Required action: Lines before the one containing "Section model." are to be left out; that line and every line after it, through the last line below, are to be reproduced exactly.

Stored data entries:
= = = = =

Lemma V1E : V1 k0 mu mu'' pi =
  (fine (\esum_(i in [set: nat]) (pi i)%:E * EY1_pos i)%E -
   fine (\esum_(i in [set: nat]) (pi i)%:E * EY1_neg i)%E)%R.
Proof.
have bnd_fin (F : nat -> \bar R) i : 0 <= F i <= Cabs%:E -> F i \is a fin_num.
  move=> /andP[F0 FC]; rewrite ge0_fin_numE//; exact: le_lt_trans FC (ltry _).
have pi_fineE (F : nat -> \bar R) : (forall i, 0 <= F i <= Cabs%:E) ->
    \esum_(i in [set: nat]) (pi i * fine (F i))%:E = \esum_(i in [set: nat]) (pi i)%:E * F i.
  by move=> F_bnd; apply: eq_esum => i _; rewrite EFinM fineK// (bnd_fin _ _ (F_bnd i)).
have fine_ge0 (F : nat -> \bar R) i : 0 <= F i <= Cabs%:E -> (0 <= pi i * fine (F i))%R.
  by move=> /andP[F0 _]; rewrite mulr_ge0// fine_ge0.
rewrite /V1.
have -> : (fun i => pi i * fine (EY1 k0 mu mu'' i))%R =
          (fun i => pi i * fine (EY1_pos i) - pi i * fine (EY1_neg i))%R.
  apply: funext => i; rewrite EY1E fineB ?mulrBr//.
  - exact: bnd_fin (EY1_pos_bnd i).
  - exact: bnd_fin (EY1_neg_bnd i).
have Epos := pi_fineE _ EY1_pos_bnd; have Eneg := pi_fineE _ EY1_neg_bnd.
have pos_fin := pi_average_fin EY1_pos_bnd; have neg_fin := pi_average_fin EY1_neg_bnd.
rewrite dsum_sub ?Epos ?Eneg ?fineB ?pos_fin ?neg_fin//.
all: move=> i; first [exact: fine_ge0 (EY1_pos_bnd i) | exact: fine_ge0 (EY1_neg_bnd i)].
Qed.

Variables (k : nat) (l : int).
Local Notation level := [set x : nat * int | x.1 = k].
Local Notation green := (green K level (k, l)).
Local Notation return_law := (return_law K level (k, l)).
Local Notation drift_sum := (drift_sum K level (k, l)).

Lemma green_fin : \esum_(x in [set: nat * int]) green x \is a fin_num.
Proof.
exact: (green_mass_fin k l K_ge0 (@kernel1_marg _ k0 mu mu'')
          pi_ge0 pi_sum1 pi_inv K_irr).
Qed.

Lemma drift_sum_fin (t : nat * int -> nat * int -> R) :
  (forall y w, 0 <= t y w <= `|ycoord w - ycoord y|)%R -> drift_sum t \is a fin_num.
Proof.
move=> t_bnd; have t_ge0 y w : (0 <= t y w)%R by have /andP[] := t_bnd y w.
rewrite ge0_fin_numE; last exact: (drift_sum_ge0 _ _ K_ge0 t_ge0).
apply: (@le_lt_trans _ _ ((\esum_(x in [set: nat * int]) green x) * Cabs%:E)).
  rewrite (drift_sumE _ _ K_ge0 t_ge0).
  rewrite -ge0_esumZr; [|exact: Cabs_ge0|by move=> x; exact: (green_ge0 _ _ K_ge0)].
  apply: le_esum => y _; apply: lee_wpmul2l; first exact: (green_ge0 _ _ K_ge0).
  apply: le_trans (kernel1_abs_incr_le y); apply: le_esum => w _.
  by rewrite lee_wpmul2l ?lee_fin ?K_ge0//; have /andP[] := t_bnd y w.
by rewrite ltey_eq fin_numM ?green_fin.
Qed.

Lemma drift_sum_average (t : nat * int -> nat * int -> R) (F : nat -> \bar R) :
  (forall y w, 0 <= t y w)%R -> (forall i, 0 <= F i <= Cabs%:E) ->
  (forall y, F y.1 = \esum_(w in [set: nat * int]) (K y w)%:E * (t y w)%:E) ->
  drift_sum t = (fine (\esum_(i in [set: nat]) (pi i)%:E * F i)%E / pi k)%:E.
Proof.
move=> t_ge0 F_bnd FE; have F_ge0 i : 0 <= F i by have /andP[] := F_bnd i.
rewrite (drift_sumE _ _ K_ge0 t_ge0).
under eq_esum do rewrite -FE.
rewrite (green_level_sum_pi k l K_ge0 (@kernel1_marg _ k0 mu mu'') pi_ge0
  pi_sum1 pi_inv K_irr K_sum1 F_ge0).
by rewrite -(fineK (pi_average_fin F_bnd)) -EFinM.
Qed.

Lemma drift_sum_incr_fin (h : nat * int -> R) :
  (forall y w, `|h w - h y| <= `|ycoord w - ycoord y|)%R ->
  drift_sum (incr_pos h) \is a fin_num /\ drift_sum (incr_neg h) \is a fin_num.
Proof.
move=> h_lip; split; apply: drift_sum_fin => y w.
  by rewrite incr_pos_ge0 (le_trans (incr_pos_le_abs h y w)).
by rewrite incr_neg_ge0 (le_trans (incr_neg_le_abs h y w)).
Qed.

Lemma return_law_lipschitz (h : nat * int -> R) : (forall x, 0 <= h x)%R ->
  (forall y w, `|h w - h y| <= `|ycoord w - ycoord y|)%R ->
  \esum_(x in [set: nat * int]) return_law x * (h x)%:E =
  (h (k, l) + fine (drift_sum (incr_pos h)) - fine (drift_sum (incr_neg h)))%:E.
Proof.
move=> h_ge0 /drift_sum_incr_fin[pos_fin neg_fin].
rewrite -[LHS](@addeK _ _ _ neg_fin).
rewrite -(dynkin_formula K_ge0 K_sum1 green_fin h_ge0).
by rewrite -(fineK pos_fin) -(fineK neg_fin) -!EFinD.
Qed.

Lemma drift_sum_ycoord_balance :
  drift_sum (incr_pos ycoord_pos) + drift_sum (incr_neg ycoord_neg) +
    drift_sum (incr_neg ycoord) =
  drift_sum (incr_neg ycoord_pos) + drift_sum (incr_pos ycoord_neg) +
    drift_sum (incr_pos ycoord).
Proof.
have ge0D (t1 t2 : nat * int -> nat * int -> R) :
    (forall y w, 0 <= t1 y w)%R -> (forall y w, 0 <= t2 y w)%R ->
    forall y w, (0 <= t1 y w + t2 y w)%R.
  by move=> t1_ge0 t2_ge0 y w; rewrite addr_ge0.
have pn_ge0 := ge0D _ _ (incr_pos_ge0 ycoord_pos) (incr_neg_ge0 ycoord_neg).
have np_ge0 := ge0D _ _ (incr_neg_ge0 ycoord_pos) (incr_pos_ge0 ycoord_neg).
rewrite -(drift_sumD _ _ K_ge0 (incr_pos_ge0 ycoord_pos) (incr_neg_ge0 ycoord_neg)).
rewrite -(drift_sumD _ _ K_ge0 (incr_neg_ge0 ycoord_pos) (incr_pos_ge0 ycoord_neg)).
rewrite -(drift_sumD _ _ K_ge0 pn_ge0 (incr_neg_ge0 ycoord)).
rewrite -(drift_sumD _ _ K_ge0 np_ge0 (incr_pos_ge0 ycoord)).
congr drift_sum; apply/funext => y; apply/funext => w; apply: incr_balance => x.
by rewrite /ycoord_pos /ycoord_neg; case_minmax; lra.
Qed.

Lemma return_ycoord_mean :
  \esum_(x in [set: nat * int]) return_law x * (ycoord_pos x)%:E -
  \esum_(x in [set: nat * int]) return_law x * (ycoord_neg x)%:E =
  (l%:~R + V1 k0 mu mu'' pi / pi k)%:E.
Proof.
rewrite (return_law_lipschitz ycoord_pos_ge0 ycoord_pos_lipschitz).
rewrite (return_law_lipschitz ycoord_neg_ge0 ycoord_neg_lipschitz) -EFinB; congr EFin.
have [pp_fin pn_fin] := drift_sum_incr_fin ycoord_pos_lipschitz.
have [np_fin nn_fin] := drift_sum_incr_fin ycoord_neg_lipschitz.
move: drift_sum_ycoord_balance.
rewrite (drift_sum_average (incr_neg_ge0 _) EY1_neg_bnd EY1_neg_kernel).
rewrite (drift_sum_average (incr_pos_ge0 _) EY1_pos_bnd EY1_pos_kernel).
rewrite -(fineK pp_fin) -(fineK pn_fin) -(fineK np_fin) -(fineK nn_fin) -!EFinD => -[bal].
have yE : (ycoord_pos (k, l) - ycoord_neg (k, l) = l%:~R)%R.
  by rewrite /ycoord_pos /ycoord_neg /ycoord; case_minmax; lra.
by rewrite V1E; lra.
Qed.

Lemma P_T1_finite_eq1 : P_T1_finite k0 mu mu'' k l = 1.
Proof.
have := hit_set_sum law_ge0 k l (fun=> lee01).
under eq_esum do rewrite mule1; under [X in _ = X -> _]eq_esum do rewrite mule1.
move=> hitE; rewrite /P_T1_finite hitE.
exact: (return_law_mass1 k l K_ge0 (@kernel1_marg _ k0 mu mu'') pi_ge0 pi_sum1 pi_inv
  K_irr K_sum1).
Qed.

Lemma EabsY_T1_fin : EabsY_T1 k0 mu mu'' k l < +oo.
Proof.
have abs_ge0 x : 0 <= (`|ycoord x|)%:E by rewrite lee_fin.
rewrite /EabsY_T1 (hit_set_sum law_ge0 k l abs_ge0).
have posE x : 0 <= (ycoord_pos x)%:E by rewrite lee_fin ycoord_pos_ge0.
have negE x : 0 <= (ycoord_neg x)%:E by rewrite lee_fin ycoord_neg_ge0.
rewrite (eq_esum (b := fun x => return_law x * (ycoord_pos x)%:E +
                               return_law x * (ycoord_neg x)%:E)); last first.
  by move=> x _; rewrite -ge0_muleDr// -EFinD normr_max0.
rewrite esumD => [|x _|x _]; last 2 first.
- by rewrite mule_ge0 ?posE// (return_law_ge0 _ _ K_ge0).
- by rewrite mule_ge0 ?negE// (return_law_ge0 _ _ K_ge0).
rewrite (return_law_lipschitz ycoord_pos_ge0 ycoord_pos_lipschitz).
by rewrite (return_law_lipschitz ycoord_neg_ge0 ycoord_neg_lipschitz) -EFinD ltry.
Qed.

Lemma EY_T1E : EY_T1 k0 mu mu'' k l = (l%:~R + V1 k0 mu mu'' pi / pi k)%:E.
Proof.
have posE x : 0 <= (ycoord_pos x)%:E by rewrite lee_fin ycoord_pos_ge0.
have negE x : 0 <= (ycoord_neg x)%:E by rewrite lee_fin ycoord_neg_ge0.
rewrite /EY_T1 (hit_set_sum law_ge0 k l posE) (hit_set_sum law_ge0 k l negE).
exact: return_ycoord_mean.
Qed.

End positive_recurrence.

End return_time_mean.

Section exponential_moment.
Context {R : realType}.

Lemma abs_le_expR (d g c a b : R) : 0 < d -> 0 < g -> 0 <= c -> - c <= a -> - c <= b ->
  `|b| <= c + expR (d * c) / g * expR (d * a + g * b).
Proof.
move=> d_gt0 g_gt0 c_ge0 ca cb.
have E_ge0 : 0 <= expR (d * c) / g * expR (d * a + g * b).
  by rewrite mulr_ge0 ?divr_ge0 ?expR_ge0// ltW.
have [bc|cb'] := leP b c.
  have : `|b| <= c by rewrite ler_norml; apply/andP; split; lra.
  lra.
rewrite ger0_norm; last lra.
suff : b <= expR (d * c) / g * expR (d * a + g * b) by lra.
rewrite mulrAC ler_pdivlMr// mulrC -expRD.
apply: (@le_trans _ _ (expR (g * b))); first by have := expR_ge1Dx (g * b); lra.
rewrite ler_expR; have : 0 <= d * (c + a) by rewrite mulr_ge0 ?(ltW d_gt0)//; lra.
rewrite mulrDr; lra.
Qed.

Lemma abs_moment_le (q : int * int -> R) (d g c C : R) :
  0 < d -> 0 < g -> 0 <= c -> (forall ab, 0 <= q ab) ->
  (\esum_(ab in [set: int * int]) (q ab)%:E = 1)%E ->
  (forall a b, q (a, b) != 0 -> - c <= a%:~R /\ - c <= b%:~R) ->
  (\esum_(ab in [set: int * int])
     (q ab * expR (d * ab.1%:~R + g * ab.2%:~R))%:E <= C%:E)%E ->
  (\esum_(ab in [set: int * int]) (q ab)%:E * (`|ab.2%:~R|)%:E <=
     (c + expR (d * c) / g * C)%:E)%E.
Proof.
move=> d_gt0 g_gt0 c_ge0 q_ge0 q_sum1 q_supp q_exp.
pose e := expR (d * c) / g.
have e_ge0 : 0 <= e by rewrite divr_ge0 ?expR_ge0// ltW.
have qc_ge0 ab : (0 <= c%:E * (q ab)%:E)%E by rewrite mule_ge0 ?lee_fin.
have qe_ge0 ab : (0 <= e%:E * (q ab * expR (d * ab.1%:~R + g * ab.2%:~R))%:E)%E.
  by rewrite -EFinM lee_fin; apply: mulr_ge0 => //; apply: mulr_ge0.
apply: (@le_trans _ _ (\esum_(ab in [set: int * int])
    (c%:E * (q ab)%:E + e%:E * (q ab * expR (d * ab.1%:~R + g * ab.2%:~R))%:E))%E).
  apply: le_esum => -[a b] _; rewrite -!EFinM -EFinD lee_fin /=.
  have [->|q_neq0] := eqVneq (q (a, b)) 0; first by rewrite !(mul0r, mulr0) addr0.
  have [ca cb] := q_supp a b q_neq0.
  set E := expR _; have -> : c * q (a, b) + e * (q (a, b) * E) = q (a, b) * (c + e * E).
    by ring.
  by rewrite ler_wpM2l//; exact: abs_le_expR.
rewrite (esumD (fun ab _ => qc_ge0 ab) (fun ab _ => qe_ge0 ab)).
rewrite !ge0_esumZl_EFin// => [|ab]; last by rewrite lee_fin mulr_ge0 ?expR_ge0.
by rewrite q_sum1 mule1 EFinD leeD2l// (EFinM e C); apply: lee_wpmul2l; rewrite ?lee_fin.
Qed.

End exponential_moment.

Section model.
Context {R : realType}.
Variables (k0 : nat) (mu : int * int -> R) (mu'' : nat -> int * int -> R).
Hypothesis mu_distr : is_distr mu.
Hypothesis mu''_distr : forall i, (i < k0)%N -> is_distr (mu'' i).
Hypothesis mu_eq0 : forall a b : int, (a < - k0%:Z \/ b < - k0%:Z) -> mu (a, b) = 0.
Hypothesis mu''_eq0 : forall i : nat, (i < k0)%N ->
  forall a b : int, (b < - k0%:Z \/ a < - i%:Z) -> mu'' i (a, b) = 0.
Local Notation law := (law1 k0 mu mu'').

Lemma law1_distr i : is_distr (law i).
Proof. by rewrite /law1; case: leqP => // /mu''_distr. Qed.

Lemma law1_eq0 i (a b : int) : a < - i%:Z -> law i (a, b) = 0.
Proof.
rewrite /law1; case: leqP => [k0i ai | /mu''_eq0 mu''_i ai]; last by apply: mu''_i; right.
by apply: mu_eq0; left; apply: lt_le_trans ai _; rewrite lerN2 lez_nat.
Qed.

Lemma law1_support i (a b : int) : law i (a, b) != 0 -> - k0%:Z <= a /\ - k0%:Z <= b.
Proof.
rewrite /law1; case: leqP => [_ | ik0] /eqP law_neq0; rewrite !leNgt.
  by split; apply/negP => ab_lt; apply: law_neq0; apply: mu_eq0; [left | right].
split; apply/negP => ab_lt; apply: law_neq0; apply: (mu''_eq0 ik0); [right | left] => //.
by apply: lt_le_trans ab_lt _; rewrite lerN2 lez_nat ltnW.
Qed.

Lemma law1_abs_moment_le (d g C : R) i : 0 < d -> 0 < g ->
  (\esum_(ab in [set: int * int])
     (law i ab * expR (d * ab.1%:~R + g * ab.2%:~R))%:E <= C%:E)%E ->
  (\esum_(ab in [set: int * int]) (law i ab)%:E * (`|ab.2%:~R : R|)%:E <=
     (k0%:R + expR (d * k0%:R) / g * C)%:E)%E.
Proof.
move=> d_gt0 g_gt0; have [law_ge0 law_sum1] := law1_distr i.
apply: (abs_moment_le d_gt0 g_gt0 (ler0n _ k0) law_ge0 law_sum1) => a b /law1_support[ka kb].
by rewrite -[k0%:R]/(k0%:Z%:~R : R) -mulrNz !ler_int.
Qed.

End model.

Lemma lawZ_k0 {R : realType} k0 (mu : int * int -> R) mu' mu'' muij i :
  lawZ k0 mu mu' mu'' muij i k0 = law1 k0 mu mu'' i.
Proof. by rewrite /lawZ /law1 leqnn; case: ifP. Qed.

= = = = =

Written solution:
Section model.
Context {R : realType}.
Variables (k0 : nat) (mu : int * int -> R) (mu'' : nat -> int * int -> R).
Hypothesis mu_distr : is_distr mu.
Hypothesis mu''_distr : forall i, (i < k0)%N -> is_distr (mu'' i).
Hypothesis mu_eq0 : forall a b : int, (a < - k0%:Z \/ b < - k0%:Z) -> mu (a, b) = 0.
Hypothesis mu''_eq0 : forall i : nat, (i < k0)%N ->
  forall a b : int, (b < - k0%:Z \/ a < - i%:Z) -> mu'' i (a, b) = 0.
Local Notation law := (law1 k0 mu mu'').

Lemma law1_distr i : is_distr (law i).
Proof. by rewrite /law1; case: leqP => // /mu''_distr. Qed.

Lemma law1_eq0 i (a b : int) : a < - i%:Z -> law i (a, b) = 0.
Proof.
rewrite /law1; case: leqP => [k0i ai | /mu''_eq0 mu''_i ai]; last by apply: mu''_i; right.
by apply: mu_eq0; left; apply: lt_le_trans ai _; rewrite lerN2 lez_nat.
Qed.

Lemma law1_support i (a b : int) : law i (a, b) != 0 -> - k0%:Z <= a /\ - k0%:Z <= b.
Proof.
rewrite /law1; case: leqP => [_ | ik0] /eqP law_neq0; rewrite !leNgt.
  by split; apply/negP => ab_lt; apply: law_neq0; apply: mu_eq0; [left | right].
split; apply/negP => ab_lt; apply: law_neq0; apply: (mu''_eq0 ik0); [right | left] => //.
by apply: lt_le_trans ab_lt _; rewrite lerN2 lez_nat ltnW.
Qed.

Lemma law1_abs_moment_le (d g C : R) i : 0 < d -> 0 < g ->
  (\esum_(ab in [set: int * int])
     (law i ab * expR (d * ab.1%:~R + g * ab.2%:~R))%:E <= C%:E)%E ->
  (\esum_(ab in [set: int * int]) (law i ab)%:E * (`|ab.2%:~R : R|)%:E <=
     (k0%:R + expR (d * k0%:R) / g * C)%:E)%E.
Proof.
move=> d_gt0 g_gt0; have [law_ge0 law_sum1] := law1_distr i.
apply: (abs_moment_le d_gt0 g_gt0 (ler0n _ k0) law_ge0 law_sum1) => a b /law1_support[ka kb].
by rewrite -[k0%:R]/(k0%:Z%:~R : R) -mulrNz !ler_int.
Qed.

End model.

Lemma lawZ_k0 {R : realType} k0 (mu : int * int -> R) mu' mu'' muij i :
  lawZ k0 mu mu' mu'' muij i k0 = law1 k0 mu mu'' i.
Proof. by rewrite /lawZ /law1 leqnn; case: ifP. Qed.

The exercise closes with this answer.